In Uganda in 2005, only 12% of women and 11% of men aged 15–59 years reported that they had ever received HCT. 1 The major barriers to HCT include perceived negative consequences of a test result, influences from a sexual partner, cost of HCT, physical accessibility of HCT, awareness, risk of HIV infection, the need for linking HCT with care, and the perceived low quality of care of HCT services. 1,18,19 Home-based HCT has acceptance rates of over 90%, thus overcoming many of the perceived obstacles. 20 However, it has not been fully implemented in a population-based program outside of a study context. If HCT could be offered to an entire population over a relatively short period of time, this could not only increase access to an important prevention tool, but could potentially reduce morbidity and mortality by early identification of HIV infection and provision of care. In high HIV prevalence settings, e.g., in Uganda, and many other countries in sub-Saharan Africa, it would be ideal for every adult to know their HIV status. Providing this service on a community-wide basis might help to reduce stigma that can be associated with testing, educate large populations, and empower the community to take charge of its own health. 21 We implemented a district-wide, door-to-door, HCT and care program in Uganda and assessed the uptake of HIV testing and care services.
Methods
Program setting
The home-based HCT program (named “Everyone Know Your Status”) was implemented by the Integrated Community Based Initiatives (ICOBI), an indigenous nongovernmental organization, in collaboration with the District Health Services of Bushenyi District, in southwestern Uganda from September 1, 2004 to March 31, 2007.

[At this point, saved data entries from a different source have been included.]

(* Let $\mathbb K$ be a field, $x\in\mathbb K$, $0\le r\le k$, and let $\chi_k^{(r)}$ be the character (trace function) of the module $\mathsf C_k^{(r)}$. Then for $0\le\ell\le k$, $$\chi_k^{(r)}(\mathbf 1_{\ell,k})=\begin{cases}\mathsf m_{\ell,r}=\dim\mathsf C_\ell^{(r)},& r\le\ell,\\ 0,& r>\ell.\end{cases}$$
   Context: A Motzkin $k$-diagram has top vertices $1,\dots,k$ and bottom vertices $1',\dots,k'$, edges each joining two distinct vertices, each vertex on at most one edge, edges planar. $\mathsf M_k(x)$ is the free $\mathbb K$-module on Motzkin $k$-diagrams with product: stack $d_1$ above $d_2$, let $d_3$ join outer vertices connected by a path, $d_1d_2=x^\kappa d_3$ with $\kappa$ the number of closed middle loops. $\mathbf 1_{\ell,k}$ is the diagram with vertical edges $j$—$j'$ for $j\le\ell$ and all other vertices isolated. Motzkin paths: $p=(a_1,\dots,a_k)$, $a_i\in\{-1,0,1\}$, partial sums $\ge0$, rank $\sum a_i$; $\mathcal P_k^r$ those of rank $r$, $\mathsf m_{k,r}=|\mathcal P_k^r|$. Index $i$ with $a_i=1$ is paired with the smallest $j>i$ with $a_i+\dots+a_j=0$ if it exists. 1-factor of $p$: row of vertices $1..k$, paired indices joined by an edge, unpaired $a_i=1$ white, others black. $\mathsf C_k^{(r)}$: free $\mathbb K$-module on $\mathcal P_k^r$ with $d\cdot p=x^{\kappa(d,p)}q$ if $\mathrm{rank}(q)=r$ and $0$ otherwise, where $d$ is placed above the 1-factor of $p$ (bottom vertex $i'$ identified with vertex $i$), $\kappa(d,p)$ is the number of closed loops formed, and $q$ is the 1-factor on the top vertices in which two top vertices are joined iff in a common component and a top vertex is white iff its component contains a white vertex of $p$. *)

From HB Require Import structures.
From mathcomp Require Import all_boot all_order all_algebra.
Set Implicit Arguments. Unset Strict Implicit. Unset Printing Implicit Defensive.
Import Order.TTheory GRing.Theory Num.Theory.
Local Open Scope ring_scope.

(* Motzkin k-diagrams.  Vertices are pairs (b, i) with i : 'I_k (0-indexed,  *)
(* so i stands for vertex i+1); b = true is the top row, b = false the       *)
(* bottom row.  A diagram is given by its partner function (None = isolated). *)
Definition vert (k : nat) := (bool * 'I_k)%type.
Definition mdiag (k : nat) := vert k -> option (vert k).

(* position of a vertex on the boundary of the rectangle, read clockwise:     *)
(* top 1..k left to right, then bottom k'..1'                                 *)
Definition bpos k (v : vert k) : nat :=
  if v.1 then val v.2 else (2 * k - 1 - val v.2)%N.

(* Being a Motzkin k-diagram: symmetric partner relation, no loops, planar. *)
Definition is_motzkin_diagram k (d : mdiag k) : Prop :=
  (forall u v, d u = Some v -> d v = Some u) /\
  (forall u, d u <> Some u) /\
  (forall a b c e, d a = Some b -> d c = Some e ->
     ~ [/\ bpos a < bpos c, bpos c < bpos b & bpos b < bpos e]%N).

(* the diagram 1_{l,k}: vertical edges j -- j' for j <= l (0-indexed: j < l) *)
Definition one_lk (l k : nat) : mdiag k :=
  fun v => if (val v.2 < l)%N then Some (~~ v.1, v.2) else None.

(* Motzkin paths: a step sequence a : 'I_k -> {-1,0,1}, encoded by          *)
(* f : {ffun 'I_k -> 'I_3} with a_i = f i - 1.                               *)
Definition mpath (k : nat) := {ffun 'I_k -> 'I_3}.

Definition step k (f : mpath k) (i : 'I_k) : int := (val (f i))%:Z - 1.

Definition seg k (f : mpath k) (i j : nat) : int :=
  \sum_(t < k | (i <= t <= j)%N) step f t.

Definition is_motzkin k (f : mpath k) : bool :=
  [forall j : 'I_k, (0 <= seg f 0 j)%R].

Definition rank k (f : mpath k) : int := \sum_(i < k) step f i.

Definition Pkr (k r : nat) : {set mpath k} :=
  [set f : mpath k | is_motzkin f & rank f == r%:Z].
Definition mkr (k r : nat) : nat := #|Pkr k r|.

Definition paired k (f : mpath k) (i j : 'I_k) : bool :=
  [&& step f i == 1, (i < j)%N, seg f i j == 0 &
      [forall t : 'I_k, ((i <= t < j)%N) ==> (seg f i t != 0)]].

Definition fedge k (f : mpath k) (i j : 'I_k) : bool := paired f i j || paired f j i.
Definition white k (f : mpath k) (i : 'I_k) : bool :=
  (step f i == 1) && ~~ [exists j, paired f i j].

(* The action  d . p : d is placed above the 1-factor of p; the bottom vertex *)
(* (false, i) of d is identified with vertex i of the 1-factor.               *)
Section Action.
Variables (k : nat) (d : mdiag k) (f : mpath k).

Definition sedge : rel (vert k) := fun u v =>
  [|| d u == Some v, d v == Some u | [&& ~~ u.1, ~~ v.1 & fedge f u.2 v.2]].

Definition sdeg (v : vert k) : nat :=
  ((d v != None) + (~~ v.1 && [exists j, fedge f v.2 j]))%N.

(* number of closed loops: components all of whose vertices have degree 2 *)
Definition kappa : nat :=
  #|[set [set w | connect sedge v w] | v in
       [pred v : vert k | [forall w, connect sedge v w ==> (sdeg w == 2%N)]]]|.

(* resulting 1-factor on the top vertices, read back as a step sequence:     *)
(* left end of an edge or white -> 1, right end -> -1, black -> 0             *)
Definition res_path : mpath k := [ffun i : 'I_k =>
  if [exists j : 'I_k, (i < j)%N && connect sedge (true, i) (true, j)] then inord 2
  else if [exists j : 'I_k, (j < i)%N && connect sedge (true, i) (true, j)] then inord 0
  else if [exists m : 'I_k, connect sedge (true, i) (false, m) && white f m] then inord 2
  else inord 1].

End Action.

Definition act_coef (K : fieldType) (x : K) k r (d : mdiag k) (p p' : mpath k) : K :=
  if (rank (res_path d p) == r%:Z) && (res_path d p == p') then x ^+ kappa d p else 0.

Definition rep_mx (K : fieldType) (x : K) k r (d : mdiag k) : 'M[K]_(mkr k r) :=
  \matrix_(i, j) act_coef x r d (enum_val (A := Pkr k r) j) (enum_val (A := Pkr k r) i).

Definition chi (K : fieldType) (x : K) k r (d : mdiag k) : K := \tr (rep_mx x r d).
Arguments one_lk l k : clear implicits.

From HB Require Import structures.
From mathcomp Require Import all_boot all_order all_algebra.
From mathcomp Require Import zify.
Import Order.TTheory GRing.Theory Num.Theory.
Set Implicit Arguments. Unset Strict Implicit.
Local Open Scope ring_scope.

(* Stacking 1_{l,k} on the 1-factor of a Motzkin path p never closes a loop:  *)
(* every top vertex has degree at most one, and a bottom vertex of degree two  *)
(* is joined to its top vertex.  Hence the diagonal entry of 1_{l,k} at p is   *)
(* 1 if 1_{l,k} . p = p and 0 otherwise, and the character counts the fixed    *)
(* points.  Top vertices j > l are isolated, so a fixed point has only level   *)
(* steps after position l; conversely, if p is flat after l, every arc and     *)
(* every white vertex of its 1-factor lives in the first l positions, where    *)
(* 1_{l,k} is the identity, so p is fixed.  Paths of length k and rank r that  *)
(* are flat after l correspond, by truncation and padding with level steps,   *)
(* to paths in P_l^r, and there are none when l < r since rank <= length.     *)

Section PrefixSums.
Variables (k : nat) (f : mpath k).

Definition prefix (n : nat) : int := \sum_(t < k | (t < n)%N) step f t.

Lemma step_cases i : [\/ step f i = -1, step f i = 0 | step f i = 1].
Proof. by rewrite /step; case: (f i) => [[|[|[|m]]] Hm] //=; constructor. Qed.

Lemma step_bound i : -1 <= step f i <= 1.
Proof. by case: (step_cases i) => ->. Qed.

Lemma prefix0 : prefix 0 = 0.
Proof. by rewrite /prefix big_pred0. Qed.

Lemma prefixS (i : 'I_k) : prefix i.+1 = prefix i + step f i.
Proof.
rewrite /prefix (bigD1 i) //= addrC; congr (_ + _).
by apply: eq_bigl => t; rewrite ltnS -val_eqE /= ltn_neqAle andbC.
Qed.

Lemma prefix_ge n : (k <= n)%N -> prefix n = prefix k.
Proof.
by move=> kn; apply: eq_bigl => t; rewrite (ltn_ord t) (leq_trans (ltn_ord t) kn).
Qed.

Lemma seg_prefix a b : (a <= b.+1)%N -> seg f a b = prefix b.+1 - prefix a.
Proof.
move=> hab; rewrite /prefix (bigID (fun t : 'I_k => (t < a)%N)) /= addrC.
have -> : \sum_(i < k | (i < b.+1)%N && (i < a)%N) step f i
          = \sum_(t < k | (t < a)%N) step f t.
  apply: eq_bigl => t; apply/idP/idP => [/andP[]//|h].
  by rewrite h andbT (leq_trans h).
by rewrite addrK /seg; apply: eq_bigl => t; rewrite ltnS -leqNgt andbC.
Qed.

Lemma motzkin_prefix_ge0 (i : 'I_k) : is_motzkin f -> 0 <= prefix i.+1.
Proof. by move=> /forallP/(_ i); rewrite seg_prefix // prefix0 subr0. Qed.

Lemma motzkinP : is_motzkin f <-> (forall n, 0 <= prefix n).
Proof.
split=> [M n|H]; last first.
  by apply/forallP => j; rewrite seg_prefix // prefix0 subr0.
wlog nk : n / (n <= k)%N.
  by move=> W; have [/W//|/ltnW kn] := leqP n k; rewrite prefix_ge ?W.
case: n nk => [|m mk]; first by rewrite prefix0.
exact: (motzkin_prefix_ge0 (Ordinal mk)).
Qed.

Lemma pairedP (a b : 'I_k) : paired f a b <->
  [/\ step f a = 1, (a < b)%N, prefix b.+1 = prefix a &
      forall t : 'I_k, (a <= t < b)%N -> prefix t.+1 != prefix a].
Proof.
have le_ab1 : (a < b)%N -> (a <= b.+1)%N by move=> /ltnW /leqW.
split.
  case/and4P=> /eqP s1 ab /eqP e /forallP H; split=> //.
    by apply/eqP; rewrite -subr_eq0 -seg_prefix ?le_ab1 // e.
  move=> t /andP[hat tb]; have := H t; rewrite hat tb /= seg_prefix ?subr_eq0 //.
  exact: leqW.
case=> s1 ab e H; apply/and4P; split; rewrite ?s1 //.
  by rewrite seg_prefix ?le_ab1 // e subrr.
apply/forallP=> t; apply/implyP=> /andP[hat tb].
by rewrite seg_prefix ?subr_eq0 ?H ?hat ?tb ?leqW.
Qed.

Lemma paired_above (a b : 'I_k) : paired f a b ->
  forall t : nat, (a <= t < b)%N -> prefix a < prefix t.+1.
Proof.
case/pairedP=> s1 ab e H; elim=> [|t IH] /andP[hat tb].
  have a0 : val a = 0%N by apply/eqP; rewrite -leqn0.
  by rewrite -[in X in _ < X]a0 prefixS s1 ltrDl.
have tk : (t.+1 < k)%N by apply: ltn_trans tb (ltn_ord b).
have -> : t.+1 = Ordinal tk by [].
rewrite prefixS; have [ea|nea] := eqVneq (val a) t.+1.
  have -> : Ordinal tk = a by apply: val_inj.
  by rewrite s1 ltrDl.
have lt_at : prefix a < prefix t.+1.
  by apply: IH; rewrite (ltn_trans (ltnSn t) tb) andbT -ltnS ltn_neqAle nea.
have := H (Ordinal tk); rewrite hat tb prefixS => /(_ isT) ne.
have /andP[lo _] := step_bound (Ordinal tk).
by rewrite lt_neqAle eq_sym ne /=; move: lt_at lo => /=; lia.
Qed.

Bushenyi District has a population of approximately 800,000 people (projected from the 2002 census) in an area of 5396 square kilometers. At least 20% of the population is younger than 5 years of age; 44% are between 15 and 49 years of age, and approximately 95% of the population is rural with subsistence agriculture as the main source of income. Administratively, Bushenyi District is divided into 5 counties, 29 subcounties, 170 parishes, 2034 villages, and 142,832 households. The district is served by 3 hospitals, 89 health centers, and 215 immunization posts. In 2004, facility-based HCT, including provision of services for prevention of mother-to-child transmission of HIV, was available at 15 of the health units. Provision of antiretroviral therapy (ART) was available at 5 health units and CD4 cell count testing was available at one health unit.
HIV counseling and testing
All people (older than 14 years of age) found at home were eligible for HCT. Children younger than 15 years and older than 18 months were eligible if considered at risk of HIV infection (mother dead or HIV infected). HCT was provided by 29 outreach teams consisting of a laboratory assistant and a counselor who systematically visited every home offering HIV education, counseling, and testing. The teams prepared workspace behind or in the home and followed a national serial rapid testing algorithm (Determine™, Abbott Laboratories, Abbott Park, IL) for screening, Statpak™ (Chembio Diagnostics, Medford, NY) for confirmation and Unigold™ (Trinity Biotech [Bray, Ireland] as tie breaker) on finger-stick blood collected in ethylenediaminetetraacetic acid (EDTA)-coated capillary tubes. Results were provided in a confidential setting in or near the home; participants could choose to test and receive results as individuals or as couples. The mean household composition was seven people of whom three were eligible for HCT. The testing teams spent approximately 2 h in each household.
Dry blood spots were prepared for retrospective quality control from all HIV-positive and 5% of all HIV-negative samples and retested in the Centers for Disease Control and Prevention (CDC) Reference Laboratory in Entebbe. In the reference laboratory, Genetic Systems HIV-1/HIV-2 EIA (Redmond, WA) and Vironostika Uniform II + O (bioMerieux, Durham, NC) were used in parallel for retesting. There was over 99% agreement between the field results and those of the reference laboratory.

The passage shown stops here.